We left without buying any of the old man’s precious jewels set into pendants, wooden elephants or otherwise. Om drove us around the city for a while and eventually to our homestay, which was owned and run by a charismatic retired couple (him from the military, her having been a housewife but definitely still ‘wearing the trousers’ as she sent him on errands across town). It was getting late and we were getting hungry so we headed out into the night to find something both nourishing and non-lethal. Lacking any sense of direction, we walked out of the main streets of the city and only managed to find one or two places still serving food. One was bustling with locals, burning red tikka chickens wheeling around on a rotisserie, their fragrant spices begging us to enter. We’d grown confident in our iron stomachs and so strolled in, pointed at a few interesting-looking foodstuffs and sat down. What came – I assume – was goat patties with a yoghurt and mint dip, and half a chicken covered in a charred red tikka sauce served with sliced red onion. We ate happily, though cautiously. Jo queried the rawness of her chicken thigh but the ridiculous glutton in me scoffed his down with glee. Nothing can hurt me, I’m immortal; I’m on holiday.

The next day was one of the worst I’ve felt in my life to date. But it started off well enough: it was Christmas day and Om bought us a bouquet of flowers (because, being white and from the UK, we must be Christians . . .) But it was a kind gesture and it warmed us to him. ‘Want to see more forts?’ he asked in earnest. ‘No, we want to see monkeys.’ And if you like monkeys, Jaipur is the place to be . . .

The Jaipur Monkey Temple is home to over 2,000 monkeys who roam freely around a hilltop sanctuary.
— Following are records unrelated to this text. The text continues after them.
(* Let $q\in(0,1]$. Consider the linear semi-infinite problem described in the context, and let $(\bar c,\bar b)\in\mathbb{R}^n\times\mathcal{C}(T,\mathbb{R})$ with $\mathcal{S}(\bar c,\bar b)=\{\bar x\}$, and assume $P(\bar c,\bar b)$ satisfies the Slater condition. Then $$\operatorname{clm}_q\mathcal{S}((\bar c,\bar b),\bar x)\le \operatorname{clm}_q\mathcal{S}_{\bar c}(\bar b,\bar x)\le \inf_{D\in\mathcal{K}_{\bar b}(\bar x)}\ \liminf_{x\to\bar x,\ f_D(x)>0} f_D(x)^{q-1}\, d(0,\partial f_D(x)).$$
   Context: Setting: $T$ is a compact subset of a metric space $Z$ with $T\neq Z$; $t\mapsto a_t\in\mathbb{R}^n$ is continuous on $T$; $g_t(x)=\langle a_t,x\rangle$ and $f\equiv0$. $\mathcal{C}(T,\mathbb{R})$ is the space of continuous $b:T\to\mathbb{R}$, $t\mapsto b_t$, with $\|b\|_\infty=\max_t|b_t|$. For $(c,b)\in\mathbb{R}^n\times\mathcal{C}(T,\mathbb{R})$, $P(c,b)$: minimize $\langle c,x\rangle$ subject to $\langle a_t,x\rangle\le b_t$, $t\in T$. Parameter norm $\|(c,b)\|=\max\{\|c\|,\|b\|_\infty\}$ (Euclidean norm on $\mathbb{R}^n$). $\mathcal{S}(c,b)$ is the optimal solution set, $\mathcal{S}_c(b):=\mathcal{S}(c,b)$. Slater condition: there is $\hat x$ with $g_t(\hat x)<b_t$ for all $t$. Active set $T_b(x)=\{t\in T: g_t(x)=b_t\}$. For a set-valued $S:Y\rightrightarrows X$ between metric spaces and $(\bar y,\bar x)\in\operatorname{gph}S$, the $q$-order calmness modulus is $\operatorname{clm}_q S(\bar y,\bar x):=\liminf_{y\to\bar y,\ x\to\bar x,\ x\in S(y)} d(y,\bar y)^q/d(x,S(\bar y))$. $\mathcal{K}_{\bar b}(\bar x)$ is the family of sets $D\subset T_{\bar b}(\bar x)$ with $|D|\le n$ and $-(u+\bar c)\in\operatorname{cone}\{\partial g_t(\bar x): t\in D\}$ for some $u\in\partial f(\bar x)$, where cone denotes the convex conical hull, always containing $0_n$ (so $\operatorname{cone}(\emptyset)=\{0_n\}$), and $\partial$ is the convex subdifferential. For $D\in\mathcal{K}_{\bar b}(\bar x)$, $f_D(x):=\sup\{g_t(x)-\bar b_t,\ t\in T\setminus D;\ |g_t(x)-\bar b_t|,\ t\in D\}$. $d(0,A)=\inf_{a\in A}\|a\|$. *)

From HB Require Import structures.
From mathcomp Require Import all_boot all_order all_algebra.
From mathcomp Require Import all_classical all_reals all_analysis.
Set Implicit Arguments. Unset Strict Implicit. Unset Printing Implicit Defensive.
Import Order.TTheory GRing.Theory Num.Theory.
Import numFieldNormedType.Exports.
Local Open Scope classical_set_scope.
Local Open Scope ring_scope.

Section LSIP.
Variables (R : realType) (n : nat).

Definition ip (u v : 'rV[R]_n) : R := \sum_(i < n) u ord0 i * v ord0 i.
Definition enorm (u : 'rV[R]_n) : R := Num.sqrt (ip u u).

(* distance (in \bar R, +oo for the empty set) from a point to a set *)
Definition edist_set (x : 'rV[R]_n) (A : set 'rV[R]_n) : \bar R :=
  ereal_inf [set (enorm (x - s))%:E | s in A].

Definition dist0 (A : set 'rV[R]_n) : \bar R := edist_set 0 A.

Definition subdiff (phi : 'rV[R]_n -> R) (x : 'rV[R]_n) : set 'rV[R]_n :=
  [set u | forall y, phi x + ip u (y - x) <= phi y].

Definition cone (A : set 'rV[R]_n) : set 'rV[R]_n :=
  [set v | exists (k : nat) (lam : 'I_k -> R) (w : 'I_k -> 'rV[R]_n),
     (forall i, 0 <= lam i) /\ (forall i, A (w i)) /\ v = \sum_(i < k) lam i *: w i].

Variable Z : pseudoMetricType R.

Definition supnorm (T : set Z) (b : Z -> R) : R := sup [set `|b t| | t in T].

(* feasible set and optimal set of P(c,b): min <c,x> s.t. <a_t,x> <= b_t, t in T *)
Definition feasible (T : set Z) (a : Z -> 'rV[R]_n) (b : Z -> R) : set 'rV[R]_n :=
  [set x | forall t, T t -> ip (a t) x <= b t].
Definition Sol (T : set Z) (a : Z -> 'rV[R]_n) (c : 'rV[R]_n) (b : Z -> R)
  : set 'rV[R]_n :=
  [set x | feasible T a b x /\ forall y, feasible T a b y -> ip c x <= ip c y].

Definition active (T : set Z) (a : Z -> 'rV[R]_n) (b : Z -> R) (x : 'rV[R]_n)
  : set Z := [set t | T t /\ ip (a t) x = b t].

End LSIP.

(* Quotient num / den in \bar R, with the convention num/0 = +oo
   (in particular 0/0 = +oo) and num/(+oo) = 0. *)
Definition equot (R : realType) (num : R) (den : \bar R) : \bar R :=
  match den with
  | r%:E => if r == 0 then +oo%E else (num / r)%:E
  | +oo%E => 0%E
  | -oo%E => +oo%E
  end.

(* q-order calmness modulus of S : Y ⇉ R^n at (ybar, xbar), where the
   parameter space is the subset Ydom of Y with distance dY:
   liminf_{y -> ybar, x -> xbar, x in S y} dY(y,ybar)^q / d(x, S ybar). *)
Definition clm (R : realType) (n : nat) (Y : Type) (Ydom : set Y)
  (dY : Y -> Y -> R) (S : Y -> set 'rV[R]_n) (q : R) (ybar : Y) (xbar : 'rV[R]_n)
  : \bar R :=
  ereal_sup [set ereal_inf
     ((fun yx : Y * 'rV[R]_n =>
         equot (powR (dY yx.1 ybar) q) (edist_set yx.2 (S ybar))) @`
      [set yx : Y * 'rV[R]_n | Ydom yx.1 /\ S yx.1 yx.2 /\
             dY yx.1 ybar < delta /\ enorm (yx.2 - xbar) < delta])
     | delta in [set d : R | 0 < d]].

(* Data of the statement specialised to the LSIP with f = 0, g_t = <a_t, .> *)
Section Kfam.
Variables (R : realType) (n : nat) (Z : pseudoMetricType R).
Variables (T : set Z) (a : Z -> 'rV[R]_n) (cbar : 'rV[R]_n) (bbar : Z -> R)
          (xbar : 'rV[R]_n).

Definition fzero : 'rV[R]_n -> R := fun _ => 0.
Definition gcon (t : Z) : 'rV[R]_n -> R := fun x => ip (a t) x.

Definition Kfam : set (set Z) :=
  [set D : set Z | (D `<=` active T a bbar xbar)%classic /\
     (exists s : seq Z, D = [set` s] /\ (size s <= n)%N) /\
     exists u, subdiff fzero xbar u /\
       cone (\bigcup_(t in D) subdiff (gcon t) xbar) (- (u + cbar))].

Definition fD (D : set Z) (x : 'rV[R]_n) : R :=
  sup ([set gcon t x - bbar t | t in T `\` D] `|` [set `|gcon t x - bbar t| | t in D]).

Definition rhs_term (q : R) (D : set Z) : \bar R :=
  ereal_sup [set ereal_inf
     ((fun x => ((powR (fD D x) (q - 1))%:E * dist0 (subdiff (fD D) x))%E) @`
      [set x | 0 < fD D x /\ enorm (x - xbar) < delta])
     | delta in [set d : R | 0 < d]].

Definition rhs (q : R) : \bar R := ereal_inf [set rhs_term q D | D in Kfam].
End Kfam.

From HB Require Import structures.
From mathcomp Require Import all_boot all_order all_algebra.
From mathcomp Require Import all_classical all_reals all_analysis.
From mathcomp Require Import ring lra.
Import Order.TTheory GRing.Theory Num.Theory.
Import numFieldNormedType.Exports.
Local Open Scope classical_set_scope.
Local Open Scope ring_scope.

(* The first inequality holds because fixing c only shrinks the set of
   perturbations over which the liminf is taken.  For the second, fix D in
   K(xbar); as f = 0, the condition defining K says -cbar = sum_i lam_i a_(t_i)
   with lam_i >= 0 and t_i in D.  Given x near xbar with eps := f_D(x) > 0, the
   right-hand side b_t := max(<a_t, x>, bbar_t - eps) is continuous, lies within
   eps of bbar, and makes x feasible with every t in D active, so x is optimal
   for P(cbar, b) by the KKT sufficient condition.  Since S(bbar) = {xbar}, the
   calmness quotient at (b, x) is at most eps^q / |x - xbar|, and a subgradient
   z of f_D at x satisfies eps <= |z| |x - xbar| because f_D(xbar) <= 0; hence
   the quotient is at most eps^(q-1) |z|.  Closeness of b to bbar comes from the
   Lipschitz bound f_D(x) <= K |x - xbar|. *)

Section InnerProduct.
Context {R : realType} {n : nat}.
Implicit Types (u v w y z : 'rV[R]_n).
You can buy a large bag of peanuts from a local seller for around twenty rupees, which the monkeys have been trained to take (using their mouth or hand) from you without aggression. It was a magical world of excitement and joy: babies bounded from the tree tops and into their mothers’ arms, juniors swung across branches and chirped, adults took nuts from you and passed them out to their young. And then the goat and chicken had their revenge.
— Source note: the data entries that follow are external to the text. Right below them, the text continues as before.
(* Let $1\le p<\infty$ and let $d_{w,p}$ be a Lorentz sequence space. The set $J^j$ of all operators $T\in L(d_{w,p})$ which can be written as $T=AjB$ with $A\in L(d_{w,p})$ and $B\in L(d_{w,p},\ell_p)$ is a (two-sided) ideal in $L(d_{w,p})$.
   Context: Let $1\le p<\infty$ and let $w=(w_n)$ be a real sequence with $w_1=1$, $w_n\downarrow 0$ and $\sum_n w_n=\infty$. The Lorentz sequence space $d_{w,p}$ is the Banach space of all $x=(x_n)\in c_0$ with $\|x\|_{d_{w,p}}=\big(\sum_{n}w_n (x^*_n)^p\big)^{1/p}<\infty$, where $(x^*_n)$ is the non-increasing rearrangement of $(|x_n|)$. Let $(e_n)$ be the unit vector basis of $d_{w,p}$ and $(f_n)$ that of $\ell_p$. The formal identity $j\colon \ell_p\to d_{w,p}$ is the bounded operator with $j(f_n)=e_n$ (so $j$ maps a sequence to the same sequence). An ideal is a linear subspace $J$ with $ATB\in J$ whenever $T\in J$ and $A,B\in L(d_{w,p})$. *)

From mathcomp Require Import all_boot all_order all_algebra.
From mathcomp Require Import all_classical all_reals all_analysis.
Set Implicit Arguments. Unset Strict Implicit. Unset Printing Implicit Defensive.
Import Order.TTheory GRing.Theory Num.Theory numFieldNormedType.Exports.
Local Open Scope ring_scope.
Local Open Scope classical_set_scope.

Section Lorentz.
Variable R : realType.

Definition c0 (x : nat -> R) : Prop := cvg_to (x @ \oo) (nbhs (0 : R)).

Definition distr_le (x : nat -> R) (s : R) (n : nat) : Prop :=
  forall F : seq nat, uniq F -> all (fun k => s < `|x k|) F -> (size F <= n)%N.

(* non-increasing rearrangement (0-indexed: rearr x 0 = x^*_1 = sup |x_k|):
   x^*_{n+1} = inf { s >= 0 : #{k : |x_k| > s} <= n } *)
Definition rearr (x : nat -> R) (n : nat) : R :=
  inf [set s : R | 0 <= s /\ distr_le x s n].

(* (p-th power of) the Lorentz norm, as an extended real *)
Definition dsum (w : nat -> R) (p : R) (x : nat -> R) : \bar R :=
  (\sum_(0 <= n <oo) ((w n * (rearr x n) `^ p)%:E))%E.

Definition in_d (w : nat -> R) (p : R) (x : nat -> R) : Prop :=
  c0 x /\ (dsum w p x < +oo)%E.

Definition norm_d (w : nat -> R) (p : R) (x : nat -> R) : R :=
  (fine (dsum w p x)) `^ p^-1.

Definition lpsum (p : R) (x : nat -> R) : \bar R :=
  (\sum_(0 <= n <oo) ((`|x n| `^ p)%:E))%E.

Definition in_lp (p : R) (x : nat -> R) : Prop := (lpsum p x < +oo)%E.

Definition norm_lp (p : R) (x : nat -> R) : R := (fine (lpsum p x)) `^ p^-1.

(* bounded linear operators between sequence spaces given by a membership
   predicate and a norm; an operator is a map on sequences, only its
   restriction to the domain space matters. *)
Definition bounded_op (inX : (nat -> R) -> Prop) (nX : (nat -> R) -> R)
    (inY : (nat -> R) -> Prop) (nY : (nat -> R) -> R)
    (T : (nat -> R) -> (nat -> R)) : Prop :=
  (forall x, inX x -> inY (T x)) /\
  (forall (a : R) x y, inX x -> inX y ->
     T (fun n => a * x n + y n) = (fun n => a * T x n + T y n)) /\
  exists C : R, forall x, inX x -> nY (T x) <= C * nX x.

Definition L_d (w : nat -> R) (p : R) := bounded_op (in_d w p) (norm_d w p) (in_d w p) (norm_d w p).
Definition L_d_lp (w : nat -> R) (p : R) := bounded_op (in_d w p) (norm_d w p) (in_lp p) (norm_lp p).

(* formal identity j : l_p -> d_{w,p} *)
Definition jid (x : nat -> R) : nat -> R := x.

Definition in_Jj (w : nat -> R) (p : R) (T : (nat -> R) -> (nat -> R)) : Prop :=
  L_d w p T /\
  exists A B, L_d w p A /\ L_d_lp w p B /\
    forall x, in_d w p x -> T x = A (jid (B x)).

(* standing assumptions on the weight sequence (0-indexed: w 0 = w_1) *)
Definition lorentz_weight (w : nat -> R) : Prop :=
  w 0%N = 1 /\ (forall n, w n.+1 <= w n) /\ cvg_to (w @ \oo) (nbhs (0 : R)) /\
  (\sum_(0 <= n <oo) ((w n)%:E))%E = +oo%E.

Definition is_ideal (w : nat -> R) (p : R) (J : ((nat -> R) -> (nat -> R)) -> Prop) : Prop :=
  J (fun _ _ => 0) /\
  (forall T S, J T -> J S -> J (fun x n => T x n + S x n)) /\
  (forall (c : R) T, J T -> J (fun x n => c * T x n)) /\
  (forall T A B, J T -> L_d w p A -> L_d w p B -> J (fun x => A (T (B x)))).
End Lorentz.

(* The only analytic input is that d_{w,p} is a quasi-normed space on which
   x |-> (x_{f n})_n is a contraction whenever f is injective with n <= f n.
   Both follow from the elementary facts (x+y)^*_{2n} <= x^*_n + y^*_n,
   x^*_{n+1} <= x^*_n, (x o f)^*_n <= x^*_n and the monotonicity of w.
   Given T = A1 j B1 and S = A2 j B2, one factors T + S = A j B through the
   interleaving B x := ((B1 x)_0, (B2 x)_0, (B1 x)_1, (B2 x)_1, ...) in l_p and
   A y := A1 (y_{2n})_n + A2 (y_{2n+1})_n; the remaining ideal properties are
   obtained by composing factorizations. *)
From mathcomp Require Import all_boot all_order all_algebra.
From mathcomp Require Import all_classical all_reals all_analysis.
From mathcomp Require Import ring lra.
Set Implicit Arguments. Unset Strict Implicit. Unset Printing Implicit Defensive.
Import Order.TTheory GRing.Theory Num.Theory numFieldNormedType.Exports.
Local Open Scope ring_scope.
Local Open Scope classical_set_scope.

Section BoundedOperators.
Variable R : realType.
Implicit Types (inX inY inZ : (nat -> R) -> Prop) (nX nY nZ : (nat -> R) -> R).

Lemma bounded_op0 inX nX inY nY :
  inY (fun=> 0) -> nY (fun=> 0) = 0 -> bounded_op inX nX inY nY (fun _ _ => 0).
Proof.
move=> inY0 nY0; split=> [//|]; split=> [a x y _ _|].
  by apply: funext => n; rewrite mulr0 addr0.
by exists 0 => x _; rewrite nY0 mul0r.
Qed.

Lemma bounded_op_comp inX nX inY nY inZ nZ T A :
  (forall y, inY y -> 0 <= nY y) ->
  bounded_op inX nX inY nY T -> bounded_op inY nY inZ nZ A ->
  bounded_op inX nX inZ nZ (fun x => A (T x)).
Proof.
move=> nY_ge0 [T_in [T_lin [CT HT]]] [A_in [A_lin [CA HA]]]; split.
  by move=> x /T_in /A_in.
split=> [a x y Xx Xy|].
  by rewrite T_lin // A_lin //; apply: T_in.
exists (Num.max CA 0 * CT) => x Xx; rewrite -mulrA.
have CA_le : CA <= Num.max CA 0 by rewrite le_max lexx.
apply: le_trans (HA _ (T_in _ Xx)) _.
apply: le_trans (ler_wpM2r (nY_ge0 _ (T_in _ Xx)) CA_le) _.
by apply: ler_wpM2l (HT _ Xx); rewrite le_max lexx orbT.
Qed.

Lemma bounded_op_combine inX nX inY nY h (K : R) T S :
  0 <= K ->
  (forall a u1 u2 v1 v2, h (fun n => a * u1 n + v1 n) (fun n => a * u2 n + v2 n)
                         = (fun n => a * h u1 u2 n + h v1 v2 n)) ->
  (forall u v, inY u -> inY v -> inY (h u v) /\ nY (h u v) <= K * (nY u + nY v)) ->
  bounded_op inX nX inY nY T -> bounded_op inX nX inY nY S ->
  bounded_op inX nX inY nY (fun x => h (T x) (S x)).
Proof.
move=> K_ge0 h_lin h_bnd [T_in [T_lin [CT HT]]] [S_in [S_lin [CS HS]]]; split.
  by move=> x Xx; exact: (h_bnd _ _ (T_in _ Xx) (S_in _ Xx)).1.
split=> [a x y Xx Xy|].
  by rewrite T_lin // S_lin // h_lin.
exists (K * (CT + CS)) => x Xx.
apply: le_trans (h_bnd _ _ (T_in _ Xx) (S_in _ Xx)).2 _.
by rewrite -mulrA mulrDl; apply: ler_wpM2l => //; exact: lerD (HT _ Xx) (HS _ Xx).
Qed.

End BoundedOperators.

Section SeriesFacts.
Variable R : realType.

Lemma nneseries_sum_le (f : nat -> R) N : (forall n, 0 <= f n) ->
  (\sum_(0 <= k <oo) (f k)%:E < +oo)%E ->
  \sum_(0 <= k < N) f k <= fine (\sum_(0 <= k <oo) (f k)%:E)%E.
Proof.
move=> f_ge0 f_fin.
have le_ser : (\sum_(0 <= k < N) (f k)%:E <= \sum_(0 <= k <oo) (f k)%:E)%E.
  by apply: nneseries_lim_ge => n _ _; exact: f_ge0.
have ser_ge0 : (0 <= \sum_(0 <= k <oo) (f k)%:E)%E.
  by apply: nneseries_ge0 => n _ _; exact: f_ge0.
by rewrite -lee_fin fineK ?ge0_fin_numE // -sumEFin.
Qed.

Lemma nneseries_bounded (f : nat -> R) M : (forall n, 0 <= f n) ->
  (forall N, \sum_(0 <= k < N) f k <= M) ->
  (\sum_(0 <= k <oo) (f k)%:E < +oo)%E /\ fine (\sum_(0 <= k <oo) (f k)%:E)%E <= M.
Proof.
move=> f_ge0 sum_le.
have nd := @ereal_nondecreasing_series R (fun k => (f k)%:E) xpredT 0%N
  (fun n _ _ => f_ge0 n).
have le_M : (\sum_(0 <= k <oo) (f k)%:E <= M%:E)%E.
  rewrite (cvg_lim _ (ereal_nondecreasing_cvgn nd)) //.
  by apply: ge_ereal_sup => _ [n _ <-]; rewrite /= sumEFin lee_fin.
have ser_ge0 : (0 <= \sum_(0 <= k <oo) (f k)%:E)%E.
  by apply: nneseries_ge0 => n _ _; exact: f_ge0.
have lt_oo := le_lt_trans le_M (ltry M).
by split => //; rewrite -lee_fin fineK // ge0_fin_numE.
Qed.

Lemma fine_nneseries_ge0 (f : nat -> R) : (forall n, 0 <= f n) ->
  0 <= fine (\sum_(0 <= k <oo) (f k)%:E)%E.
Proof. by move=> f_ge0; apply/fine_ge0/nneseries_ge0 => n _ _; exact: f_ge0. Qed.

Lemma ler_sum_nat_widen (f : nat -> R) N M : (forall n, 0 <= f n) -> (N <= M)%N ->
  \sum_(0 <= k < N) f k <= \sum_(0 <= k < M) f k.
Proof.
move=> f_ge0 NM; rewrite (big_cat_nat (leq0n N) NM) /= lerDl.
by apply: sumr_ge0 => i _.
Qed.

Lemma big_nat_double (f : nat -> R) N :
  \sum_(0 <= k < N.*2) f k = \sum_(0 <= n < N) (f n.*2 + f n.*2.+1).
Proof.
elim: N => [|N IH]; first by rewrite !big_geq.
by rewrite doubleS !big_nat_recr //= IH -addrA.
Qed.

Lemma powR_addr_le (a b q : R) : 0 <= a -> 0 <= b -> 0 <= q ->
  (a + b) `^ q <= 2 `^ q * (a `^ q + b `^ q).
Proof.
move=> a_ge0 b_ge0 q_ge0.
wlog ab : a b a_ge0 b_ge0 / a <= b.
  move=> H; have [|/ltW ba] := leP a b; first exact: H.
  by rewrite addrC [a `^ q + _]addrC; apply: H.
have ab2 : a + b <= 2 * b by rewrite mulr2n mulrDl mul1r lerD2r.
apply: le_trans (ge0_ler_powR q_ge0 _ _ ab2) _; rewrite ?nnegrE ?addr_ge0 ?mulr_ge0 //.
by rewrite powRM // ler_wpM2l ?powR_ge0 // lerDr powR_ge0.
Qed.

End SeriesFacts.

Section Rearrangement.
Variable R : realType.
Implicit Types (x y : nat -> R) (s t : R).

Definition bounded_seq x := exists M, forall k, `|x k| <= M.

Lemma c0_bounded x : c0 x -> bounded_seq x.
Proof.
move=> x0; have : cvgn x by apply/cvg_ex; exists 0.
move/cvg_seq_bounded => [M [_ HM]].
by exists (M + 1) => k; apply: (HM (M + 1)); rewrite ?ltrDl.
Qed.

Lemma bounded_seqD x y : bounded_seq x -> bounded_seq y ->
  bounded_seq (fun k => x k + y k).
Proof.
move=> [M HM] [N HN]; exists (M + N) => k.
by apply: le_trans (ler_normD _ _) _; apply: lerD.
Qed.

Lemma c0D x y : c0 x -> c0 y -> c0 (fun k => x k + y k).
Proof. by move=> x0 y0; rewrite /c0 -[0 : R]addr0; exact: cvgD. Qed.

Lemma c0Z c x : c0 x -> c0 (fun k => c * x k).
Proof. by move=> x0; rewrite /c0 -(mulr0 c); exact: cvgM (cvg_cst c) x0. Qed.

Lemma c0_comp x (f : nat -> nat) : (forall n, (n <= f n)%N) -> c0 x ->
  c0 (fun k => x (f k)).
Proof.
move=> f_ge x0; have f_oo : f @ \oo --> \oo.
  by apply/cvgnyPge => A; near=> n; apply: leq_trans (f_ge n); near: n; exists A.
exact: cvg_comp f_oo x0.
Unshelve. all: by end_near.
Qed.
No-one wants to hear the details. I don’t particularly want to tell them. But being half way up a small mountain surrounded by monkeys repeatedly expressing their love for one another (with no consideration for the less churlish of us), as you gag from both ends in the ridiculous heat of an Indian winter is no way to spend your Christmas day.
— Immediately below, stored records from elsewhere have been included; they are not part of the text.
Definition C_eigenvalue (R : realType) (n : nat) (A : tensor3 R n) (l : R) : Prop :=
  exists x y : 'I_n -> R, unit_vec x /\ unit_vec y /\
    (forall i, \sum_(j < n) \sum_(k < n) A i j k * y j * y k = l * x i) /\
    (forall i, \sum_(j < n) \sum_(k < n) A j k i * x j * y k = l * y i).

Definition is_lambda_Cmax (R : realType) (n : nat) (A : tensor3 R n) (l : R) : Prop :=
  C_eigenvalue A l /\ forall l', C_eigenvalue A l' -> l' <= l.

Definition B_of (R : realType) (n : nat) (A : tensor3 R n) : tensor4 R n :=
  fun i1 i2 i3 i4 => \sum_(i < n) A i i1 i2 * A i i3 i4.

Definition S_of (R : realType) (n : nat) (A : tensor3 R n) : tensor4 R n :=
  fun i1 i2 i3 i4 =>
    3^-1 * (B_of A i1 i2 i3 i4 + B_of A i1 i3 i2 i4 + B_of A i1 i4 i2 i3).

Definition sub4 (R : realType) (n : nat) (T U : tensor4 R n) : tensor4 R n :=
  fun i1 i2 i3 i4 => T i1 i2 i3 i4 - U i1 i2 i3 i4.

Definition add3 (R : realType) (n : nat) (A E : tensor3 R n) : tensor3 R n :=
  fun i j k => A i j k + E i j k.

Definition Z_eigenvalue (R : realType) (n : nat) (T : tensor4 R n) (l : R) : Prop :=
  exists x : 'I_n -> R, unit_vec x /\
    forall i, \sum_(i2 < n) \sum_(i3 < n) \sum_(i4 < n)
                T i i2 i3 i4 * x i2 * x i3 * x i4 = l * x i.

Definition is_lambda_Zmax (R : realType) (n : nat) (T : tensor4 R n) (l : R) : Prop :=
  Z_eigenvalue T l /\ forall l', Z_eigenvalue T l' -> l' <= l.

Definition is_lambda_Zmin (R : realType) (n : nat) (T : tensor4 R n) (l : R) : Prop :=
  Z_eigenvalue T l /\ forall l', Z_eigenvalue T l' -> l <= l'.

From HB Require Import structures.
From mathcomp Require Import all_boot all_order all_algebra.
From mathcomp Require Import all_classical all_reals all_analysis.
From mathcomp Require Import ring lra.
Import Order.TTheory GRing.Theory Num.Theory.
Import numFieldNormedType.Exports.
Local Open Scope classical_set_scope.
Local Open Scope ring_scope.

(* Let q_A(y) = |A y^2|^2 for a piezoelectric-type tensor A; then S_A y^4 = q_A(y)
   and the gradient of q_A is 4 S_A y^3.  A C-eigentriple (l, x, y) gives
   q_A(y) = l^2, and conversely at a maximiser y of q_A on the unit sphere the
   Lagrange condition S_A y^3 = q_A(y) y makes sqrt(q_A(y)) a C-eigenvalue, with
   x = A y^2 / sqrt(q_A(y)).  So lambda_Cmax(A)^2 is the maximum of q_A on the
   sphere, and likewise the extreme Z-eigenvalues of S_A~ - S_A are the extreme
   values of q_A~ - q_A there.  Evaluating q_A~ = q_A + (q_A~ - q_A) at the
   maximisers of q_A~ and of q_A gives the two bounds. *)

Set Implicit Arguments.
Unset Strict Implicit.
Unset Printing Implicit Defensive.

Section NonnegQuartic.
Variable R : realFieldType.

Lemma nonneg_quartic_lin_ge0 (c1 c2 c3 c4 : R) :
  (forall t, 0 <= c1 * t + c2 * t ^+ 2 + c3 * t ^+ 3 + c4 * t ^+ 4) -> 0 <= c1.
Proof.
move=> p_ge0; rewrite leNgt; apply/negP => c1_lt0.
pose K := `|c2| + `|c3| + `|c4|.
have K_ge0 : 0 <= K by rewrite !addr_ge0.
pose t := - c1 / (K - c1 + 1).
have t_gt0 : 0 < t by rewrite divr_gt0 ?oppr_gt0 //; lra.
have t_le1 : t <= 1 by rewrite ler_pdivrMr ?mul1r; lra.
have tK_lt : t * K < - c1.
  by rewrite mulrAC ltr_pdivrMr; [nra | lra].
have t3 : t ^+ 3 <= t ^+ 2.
  by apply: ler_wiXn2l => //; exact: ltW.
have t4 : t ^+ 4 <= t ^+ 2.
  by apply: ler_wiXn2l => //; exact: ltW.
have bound k (c : R) : (2 <= k)%N -> c * t ^+ k <= `|c| * t ^+ 2.
  move=> k_ge2; apply: le_trans (_ : `|c| * t ^+ k <= _).
    by rewrite ler_wpM2r ?exprn_ge0 ?ler_norm // ltW.
  by rewrite ler_wpM2l //; apply: ler_wiXn2l => //; exact: ltW.
have p_lt0 : c1 * t + K * t ^+ 2 < 0.
  by rewrite expr2; nra.
have := p_ge0 t; have := bound 2%N c2 isT; have := bound 3%N c3 isT.
have := bound 4%N c4 isT; rewrite /K in p_lt0; lra.
Qed.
We eventually made it back to the homestay, car seat unblemished, and I reminisced about our time so far in Jaipur: a city of beauty and brutality, glittering palaces and ancient wars, of backrooms filled with gemstones, of bustling chicken shacks and burning stomachs, endearing primates more lurid than loving. It was a place of two halves, which did neither without gusto, and as I sat on my porcelain throne, watching small colourful kites lift into the evening sky from the bathroom window, I began to understand Raja Alan Singh Chanda’s appreciation for a mass of toilets and pretty things.